Currently, the transition to mixed learning is widely discussed, when in the
framework of traditional classical teaching distance educational resources are applied,
used by trainees independently in any place and at a convenient time. There is a steady
trend of increasing hours of students' independent work by reducing the classroom load.
However, the solution of issues of a rational combination of traditional education and
communication educational innovations is at the experimental level.
The expert data presented in [1] and relating, in particular, to training bachelors at
various stages of training for integrated engineering activities, show various
combinations of volumes of full-time (collective work under the guidance of a teacher)

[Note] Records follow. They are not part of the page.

(* Let $u_0\in H^s(\mathbb R)$ with $s$ large enough that the quantities below are finite, $T>0$, $c>0$. For every $\theta\in[0,1]$, $\Delta t>0$, $\Delta x>0$, every $n\in\{0,\dots,N-1\}$, every $\gamma\in[0,\frac12)$ and $\sigma\in\{0,1\}$, $$\begin{aligned}\|\mathcal A_\theta e^{n+1}\|^2_{\ell^2_\Delta}\le{}&\|\mathcal A_\theta e^{n}\|^2_{\ell^2_\Delta}+\Delta tA_a\|e^n\|^2_{\ell^2_\Delta}+\Delta t\|\mathcal A_{-(1-\theta)}e^n\|^2_{\ell^2_\Delta}+\Delta t\|\epsilon^n\|^2_{\ell^2_\Delta}\Big\{1+4\frac{\Delta t}{\Delta x}+\Delta t\Big\}\\&+\Delta t\langle A_b,[D_+(e)^n]^2\rangle+\Delta t^2A_c\|D(e)^n\|^2_{\ell^2_\Delta}+\Delta tA_d\|D_+D_-(e)^n\|^2_{\ell^2_\Delta}\\&+\Delta tA_e\|D_+D(e)^n\|^2_{\ell^2_\Delta}+\Delta tA_f\|D_+D_+D_-(e)^n\|^2_{\ell^2_\Delta},\end{aligned}$$ where, writing $U=\|[u_\Delta]^n\|_{\ell^\infty}$, $U_+=\|D_+([u_\Delta])^n\|_{\ell^\infty}$, $U_-=\|D_-([u_\Delta])^n\|_{\ell^\infty}$, $E=\|e^n\|_{\ell^\infty}$, $X=\Delta x^{\frac12-\gamma}+E+9E^2\Delta x^{\gamma-\frac12}$ and $\mathbf 1=(1,1,\dots)$, $$A_a=U^2+U_+\Big(2-\theta+\frac{\Delta t}{\Delta x}\Big[2c+\frac23E+\frac32U\Big]\Big)+\frac{\Delta t^2}{\Delta x^2}U_+^2+\frac{\Delta t}{\Delta x}(U^2+2c^2),$$ $$A_b=\Big(\frac{\Delta x}{6}D_+(e)^n-c\mathbf 1\Big)(\Delta x-c\Delta t)+(1-\theta)\Delta t\,U_+^{2-\sigma}\mathbf 1,$$ $$A_c=E^2[1+\Delta x]+U^2-c^2+2EU+\frac{2c}{3}E,\qquad A_d=(1-\theta)\Delta t\Big[U_+^{\sigma}+\frac{\Delta x}{2}U_-\Big],$$ $$A_e=2(1-\theta)\Delta t\Big\{U+E+\frac X2\Big\}-\Delta x,$$ $$A_f=\Delta t\Big\{(1-2\theta)+\frac{(1-\theta)\Delta x^2}{2}\Big[c+\frac X2\Big]+\Delta t(1-\theta)U_+\Big\}-\frac{\Delta x^3}{4}.$$
   Context: KdV equation $\partial_t u+\partial_x(u^2/2)+\partial_x^3u=0$ with datum $u_0$ and exact solution $u$. $t^n=n\Delta t$, $x_j=j\Delta x$, $N=\lfloor T/\Delta t\rfloor$. For sequences: $D_+(a)_j=(a_{j+1}-a_j)/\Delta x$, $D_-(a)_j=(a_j-a_{j-1})/\Delta x$, $D=\frac12(D_++D_-)$; products and powers are componentwise; $\langle a,b\rangle=\Delta x\sum_ja_jb_j$, $\|a\|_{\ell^2_\Delta}=\langle a,a\rangle^{1/2}$, $\|a\|_{\ell^\infty}=\sup_j|a_j|$. For $\alpha\in\mathbb R$, $\mathcal A_\alpha=I+\alpha\Delta t D_+D_+D_-$ on $\ell^2_\Delta(\mathbb Z)$. Scheme with parameters $c,\theta$: $\frac{v^{n+1}_j-v^n_j}{\Delta t}+D(\frac{v^2}{2})^n_j+\theta D_+D_+D_-(v)^{n+1}_j+(1-\theta)D_+D_+D_-(v)^n_j=\frac{c\Delta x}{2}D_+D_-(v)^n_j$, with $v^0_j=\frac1{\Delta x}\int_{x_j}^{x_{j+1}}u_0$. Averaged exact solution $[u_\Delta]^0_j=\frac1{\Delta x}\int_{x_j}^{x_{j+1}}u_0$, $[u_\Delta]^n_j=\frac{1}{\Delta x(\min(t^{n+1},T)-t^n)}\int_{t^n}^{\min(t^{n+1},T)}\int_{x_j}^{x_{j+1}}u\,dy\,ds$ for $n\ge1$. Error $e^n_j=v^n_j-[u_\Delta]^n_j$. Consistency error $\epsilon^n_j=\frac{[u_\Delta]^{n+1}_j-[u_\Delta]^n_j}{\Delta t}+D(\frac{[u_\Delta]^2}{2})^n_j+\theta D_+D_+D_-([u_\Delta])^{n+1}_j+(1-\theta)D_+D_+D_-([u_\Delta])^n_j-\frac{c\Delta x}{2}D_+D_-([u_\Delta])^n_j$. *)

From Stdlib Require Import Reals ZArith.
From Coquelicot Require Import Coquelicot.
Open Scope R_scope.

Definition seqZ := Z -> R.

Definition sumZ (a : seqZ) : R :=
  Series (fun k : nat => a (Z.of_nat k)) +
  Series (fun k : nat => a (- Z.of_nat (S k))%Z).

Definition l2Z (a : seqZ) : Prop :=
  ex_series (fun k : nat => (a (Z.of_nat k)) ^ 2) /\
  ex_series (fun k : nat => (a (- Z.of_nat (S k))%Z) ^ 2).

Definition ipD (dx : R) (a b : seqZ) : R := dx * sumZ (fun j => a j * b j).
Definition normD (dx : R) (a : seqZ) : R := sqrt (ipD dx a a).

Definition linf (a : seqZ) : R :=
  real (Lub_Rbar (fun r => exists j : Z, r = Rabs (a j))).

Definition sqZ (a : seqZ) : seqZ := fun j => a j ^ 2.

Definition Dp (dx : R) (a : seqZ) : seqZ := fun j => (a (j + 1)%Z - a j) / dx.
Definition Dm (dx : R) (a : seqZ) : seqZ := fun j => (a j - a (j - 1)%Z) / dx.
Definition Dc (dx : R) (a : seqZ) : seqZ := fun j => (Dp dx a j + Dm dx a j) / 2.
Definition D3 (dx : R) (a : seqZ) : seqZ := Dp dx (Dp dx (Dm dx a)).
Lemma mpolyX_mon3 a b c : 'X_[mon3 a b c] = u ^+ a * v ^+ b * w ^+ c.
Proof. by rewrite !mpolyXD -!mpolyXn. Qed.

Fixpoint markov_pq k : Poly3 * Poly3 :=
  if k is k'.+1 then
    let: (p, q) := markov_pq k' in
    ((u + v) ^+ 2 * (p + q) + u * w * p, v * w * (p + q))
  else (1, 0).

Definition markov_p k := (markov_pq k).1.
Definition markov_q k := (markov_pq k).2.

Lemma markov_p0 : markov_p 0 = 1. Proof. by []. Qed.

Lemma markov_q0 : markov_q 0 = 0. Proof. by []. Qed.

Lemma markov_p1 : markov_p 1 = (u + v) ^+ 2 + u * w.
Proof. by rewrite /markov_p /=; ring. Qed.

Lemma markov_pS k :
  markov_p k.+1 = (u + v) ^+ 2 * (markov_p k + markov_q k) + u * w * markov_p k.
Proof. by rewrite /markov_p /markov_q /=; case: (markov_pq k). Qed.

Lemma markov_qS k : markov_q k.+1 = v * w * (markov_p k + markov_q k).
Proof. by rewrite /markov_p /markov_q /=; case: (markov_pq k). Qed.

Lemma markov_pS_monomials k (r := markov_p k + markov_q k) :
  markov_p k.+1 = r * 'X_[mon3 2 0 0] + r * 'X_[mon3 1 1 0] + r * 'X_[mon3 1 1 0]
                  + r * 'X_[mon3 0 2 0] + markov_p k * 'X_[mon3 1 0 1].
Proof. by rewrite markov_pS !mpolyX_mon3 /r; ring. Qed.

Lemma markov_qS_monomial k :
  markov_q k.+1 = (markov_p k + markov_q k) * 'X_[mon3 0 1 1].
Proof. by rewrite markov_qS !mpolyX_mon3; ring. Qed.

Section CassiniLinearRecurrence.
Variables (R : comPzRingType) (t d : R) (s : nat -> R).
Hypothesis s_rec : forall k, s k.+2 = t * s k.+1 - d * s k.

Lemma cassini_linear_rec k :
  s k.+2 * s k - s k.+1 ^+ 2 = d ^+ k * (s 2 * s 0 - s 1 ^+ 2).
Proof.
elim: k => [|k IHk]; first by rewrite expr0 mul1r.
by rewrite [d ^+ k.+1]exprS -mulrA -IHk [s k.+3]s_rec [s k.+2]s_rec; ring.
Qed.
End CassiniLinearRecurrence.

Arguments cassini_linear_rec {R t d s}.

Lemma markov_p_rec k : markov_p k.+2 =
  ((u + v) ^+ 2 + u * w + v * w) * markov_p k.+1 - u * v * w ^+ 2 * markov_p k.
Proof. by rewrite [markov_p k.+2]markov_pS markov_qS [markov_p k.+1]markov_pS; ring. Qed.

Lemma markov_p_cassini k : markov_p k.+2 * markov_p k - markov_p k.+1 ^+ 2
  = (u + v) ^+ 2 * (u * v * w ^+ 2) ^+ k * (v * w).
Proof.
rewrite (cassini_linear_rec markov_p_rec) !markov_pS markov_qS markov_p0 markov_q0.
ring.
Qed.

Definition p_region k a b c : Prop :=
  (a + b + c = 2 * k /\ (k < a + b \/ a = k /\ b = 0))%N.
Definition q_region k a b c : Prop :=
  (a + b + c = 2 * k /\ 0 < b /\ 0 < c /\ k <= a + b)%N.
Definition pq_region k a b c := p_region k a b c \/ q_region k a b c.
(* For integers $\ell,k$ with $1\le\ell\le 3$ and $k\ge\ell$, $\overline{\alpha}(\{1,2k,2k+2\ell\})=\frac{2k}{4k+2\ell}$.
   Context: For a finite set $S$ of positive integers, the distance graph $G(S)$ has vertex set $\mathbb{Z}$, with $i,j$ adjacent iff $|i-j|\in S$. The density of $A\subseteq\mathbb{Z}$ is $\delta(A)=\limsup_{N\to\infty}\frac{|A\cap[-N,N]|}{2N+1}$, and the independence ratio $\overline{\alpha}(S)$ is the supremum of $\delta(A)$ over independent sets $A$ of $G(S)$. *)

From Stdlib Require Import Reals ZArith List.
From Coquelicot Require Import Coquelicot.
Open Scope R_scope.

Definition pos_set (S : list Z) : Prop := forall s, In s S -> (0 < s)%Z.

(* Subsets of Z are represented by boolean predicates (every subset has one,
   classically). A is independent in the distance graph G(S) iff no two of its
   elements are at a distance lying in S. *)
Definition independent (S : list Z) (A : Z -> bool) : Prop :=
  forall i j : Z, A i = true -> A j = true -> ~ In (Z.abs (i - j)) S.

Definition window (N : nat) : list Z :=
  map (fun i => (Z.of_nat i - Z.of_nat N)%Z) (seq 0 (2 * N + 1)).

Definition dens_ratio (A : Z -> bool) (N : nat) : R :=
  INR (length (filter A (window N))) / INR (2 * N + 1).

Definition density (A : Z -> bool) : Rbar := LimSup_seq (dens_ratio A).

Definition indep_ratio (S : list Z) : Rbar :=
  Rbar_lub (fun x => exists A, independent S A /\ density A = x).

From Stdlib Require Import Reals ZArith List Znumtheory Lia Lra Bool Classical.
From Coquelicot Require Import Coquelicot.

(* Let P = 4k + 2l. The set of even residues in [0, 2k) and odd residues in [2k, 4k),
   repeated with period P, is independent and has 2k points per period; it remains to see
   that an independent set A has at most c = 2k points in any window of length P.

   Extend the window P-periodically and put beta y = [y in A] xor (y odd). Since A has no
   two points at distance 1, beta flips between t and t + 1 exactly when neither point is
   in A; since y and y + 2k mod P are at distance 2k or 2k + 2l, beta agrees at y and
   y + 2k exactly when neither point is in A. So beta has at most P - 2c + 2 flips and
   exactly P - 2c agreements at step 2k; for c > 2k: at most 2l flips, fewer than 2l
   agreements. But a P-periodic beta with at most 2l flips has at least 2l agreements.
   Split Z/P into the orbits of y |-> y + 2k: around a closed orbit the number of
   disagreements is even, so each orbit of odd length carries an agreement. In the
   remaining cases (l = 2 or 3 and gcd(k, l) = 1) an orbit with at most one agreement
   makes beta alternate along it, and as 2k tau = +-2 (mod P) for a suitable odd tau
   this gives beta z <> beta (z + 2) at M - tau places, M = P/2 being the orbit length,
   hence too many flips. *)

Open Scope Z_scope.

(** * Counting on integer intervals *)

Definition interval (a n : Z) : list Z :=
  map (fun i => a + Z.of_nat i) (seq 0 (Z.to_nat n)).

Definition count_on (p : Z -> bool) (a n : Z) : Z :=
  Z.of_nat (length (filter p (interval a n))).

Definition bit (b : bool) : Z := if b then 1 else 0.

Lemma in_interval x a n : In x (interval a n) <-> a <= x < a + n.
Proof.
  unfold interval. rewrite in_map_iff. split.
  - intros [i [<- Hi]]. apply in_seq in Hi. lia.
  - intro H. exists (Z.to_nat (x - a)). split; [lia | apply in_seq; lia].
Qed.

Lemma NoDup_interval a n : NoDup (interval a n).
Proof.
  apply NoDup_map_NoDup_ForallPairs; [intros i j _ _; lia | apply seq_NoDup].
Qed.

Lemma length_interval a n : 0 <= n -> Z.of_nat (length (interval a n)) = n.
Proof. intro Hn. unfold interval. rewrite length_map, length_seq. lia. Qed.

Lemma interval_succ a n : 0 <= n -> interval a (n + 1) = interval a n ++ (a + n) :: nil.
Proof.
  intro Hn. unfold interval. rewrite Z2Nat.inj_add, Nat.add_1_r, seq_S, map_app by lia.
  simpl. repeat f_equal. lia.
Qed.

Lemma interval_add a n m : 0 <= n -> 0 <= m ->
  interval a (n + m) = interval a n ++ interval (a + n) m.
Proof.
  intros Hn Hm. pattern m. apply natlike_ind; [ | | exact Hm].
  - rewrite Z.add_0_r, app_nil_r. reflexivity.
  - intros x Hx IH. unfold Z.succ. rewrite Z.add_assoc, !interval_succ, IH by lia.
    rewrite <- app_assoc, Z.add_assoc. reflexivity.
Qed.

Lemma count_on_nonneg p a n : 0 <= count_on p a n.
Proof. unfold count_on. lia. Qed.

Lemma count_on_nonpos p a n : n <= 0 -> count_on p a n = 0.
Proof. intro Hn. unfold count_on, interval. replace (Z.to_nat n) with 0%nat by lia. reflexivity. Qed.

Lemma count_on_add p a n m : 0 <= n -> 0 <= m ->
  count_on p a (n + m) = count_on p a n + count_on p (a + n) m.
Proof.
  intros Hn Hm. unfold count_on. rewrite interval_add, filter_app, length_app by lia. lia.
Qed.

Lemma count_on_one p a : count_on p a 1 = bit (p a).
Proof. unfold count_on, interval. simpl. rewrite Z.add_0_r. destruct (p a); reflexivity. Qed.

Lemma count_on_succ p a n : 0 <= n -> count_on p a (n + 1) = count_on p a n + bit (p (a + n)).
Proof. intro Hn. rewrite count_on_add, count_on_one by lia. reflexivity. Qed.

Lemma count_on_succ_le p a n : 0 <= n -> count_on p a (n + 1) <= count_on p a n + 1.
Proof. intro Hn. rewrite count_on_succ by exact Hn. unfold bit. destruct p; lia. Qed.

Lemma count_on_succ_le_tail p a n : 0 <= n -> count_on p a (1 + n) <= 1 + count_on p (a + 1) n.
Proof.
  intro Hn. rewrite count_on_add, count_on_one by lia. unfold bit. destruct p; lia.
Qed.

Lemma count_on_mono p a n m : 0 <= n <= m -> count_on p a n <= count_on p a m.
Proof.
  intro H. replace m with (n + (m - n)) by ring. rewrite count_on_add by lia.
  pose proof (count_on_nonneg p (a + n) (m - n)). lia.
Qed.

Lemma count_on_ext p q a n : (forall x, a <= x < a + n -> p x = q x) ->
  count_on p a n = count_on q a n.
Proof.
  intro H. unfold count_on. do 2 f_equal. apply filter_ext_in.
  intros x Hx. apply H, in_interval, Hx.
Qed.

Lemma count_on_shift p a c n : count_on p (a + c) n = count_on (fun x => p (x + c)) a n.
Proof.
  unfold count_on.
  replace (interval (a + c) n) with (map (fun x => x + c) (interval a n)).
  - rewrite filter_map_swap, length_map. reflexivity.
  - unfold interval. rewrite map_map. apply map_ext. intro i. lia.
Qed.

Lemma count_on_true a n : 0 <= n -> count_on (fun _ => true) a n = n.
Proof. intro Hn. unfold count_on. rewrite List.filter_true. apply length_interval, Hn. Qed.

Lemma count_on_negb p a n : 0 <= n ->
  count_on (fun x => negb (p x)) a n = n - count_on p a n.
Proof.
  intro Hn. unfold count_on. rewrite <- (length_interval a n Hn) at 2.
  rewrite <- (filter_length p (interval a n)). lia.
Qed.

Lemma count_on_orb p q a n : (forall x, a <= x < a + n -> p x && q x = false) ->
  count_on (fun x => p x || q x) a n = count_on p a n + count_on q a n.
Proof.
  intro H. unfold count_on. rewrite <- Nat2Z.inj_add. f_equal.
  assert (Hdisj : forall x, In x (interval a n) -> p x && q x = false)
    by (intros x Hx; apply H, in_interval, Hx).
  induction (interval a n) as [|x l IH]; [reflexivity |]. simpl.
  specialize (Hdisj x (or_introl eq_refl)) as Hx.
  specialize (IH (fun y Hy => Hdisj y (or_intror Hy))).
  destruct (p x), (q x); simpl in *; try discriminate; lia.
Qed.

Lemma count_on_eqb_disjoint p q a n : 0 <= n ->
  (forall x, a <= x < a + n -> p x && q x = false) ->
  count_on (fun x => Bool.eqb (p x) (q x)) a n = n - count_on p a n - count_on q a n.
Proof.
  intros Hn Hdisj.
  replace (n - count_on p a n - count_on q a n) with (n - (count_on p a n + count_on q a n))
    by ring.
  rewrite <- count_on_orb, <- count_on_negb by assumption.
  apply count_on_ext. intros x Hx. specialize (Hdisj x Hx).
  destruct (p x), (q x); simpl in *; congruence.
Qed.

and distance (independent work) training. For example, for successful training at the
design stage of technical objects (development of algorithms, implementation of design
documentation), the ratio of traditional learning and distance learning is fixed as 30%
to 70%, respectively. However, the question of how this ratio changes with the
development of a vocational training program from course to course, how various forms
of educational activity correspond to it (lectures, practical exercises, laboratory
practical work, students' independent work), remains open. In this regard, obtaining
additional practical data on organization of an innovative education system is of
interest. It is also necessary to take into account appropriateness of digital innovation
in implementation of various areas of subject-based learning.
2 The Need for Innovation in Geometric-Graphic Education
One of the types of subject teaching is basic geometric-graphic training (GGT) for
students of a technical university, the purpose of which is to form readiness of future
graduates for design and development activities. Dynamic development of design as a
type of engineering activity is explained by improving the capabilities of modern
computer technologies and CAD, updating the design engineer’s functionality,
increased requirements for the specialist’s design culture, a systematic approach to
engineering and technical support and digital support for all stages of the life cycle of
technical objects [3].
Graphic disciplines (descriptive geometry, engineering graphics, computer graphics)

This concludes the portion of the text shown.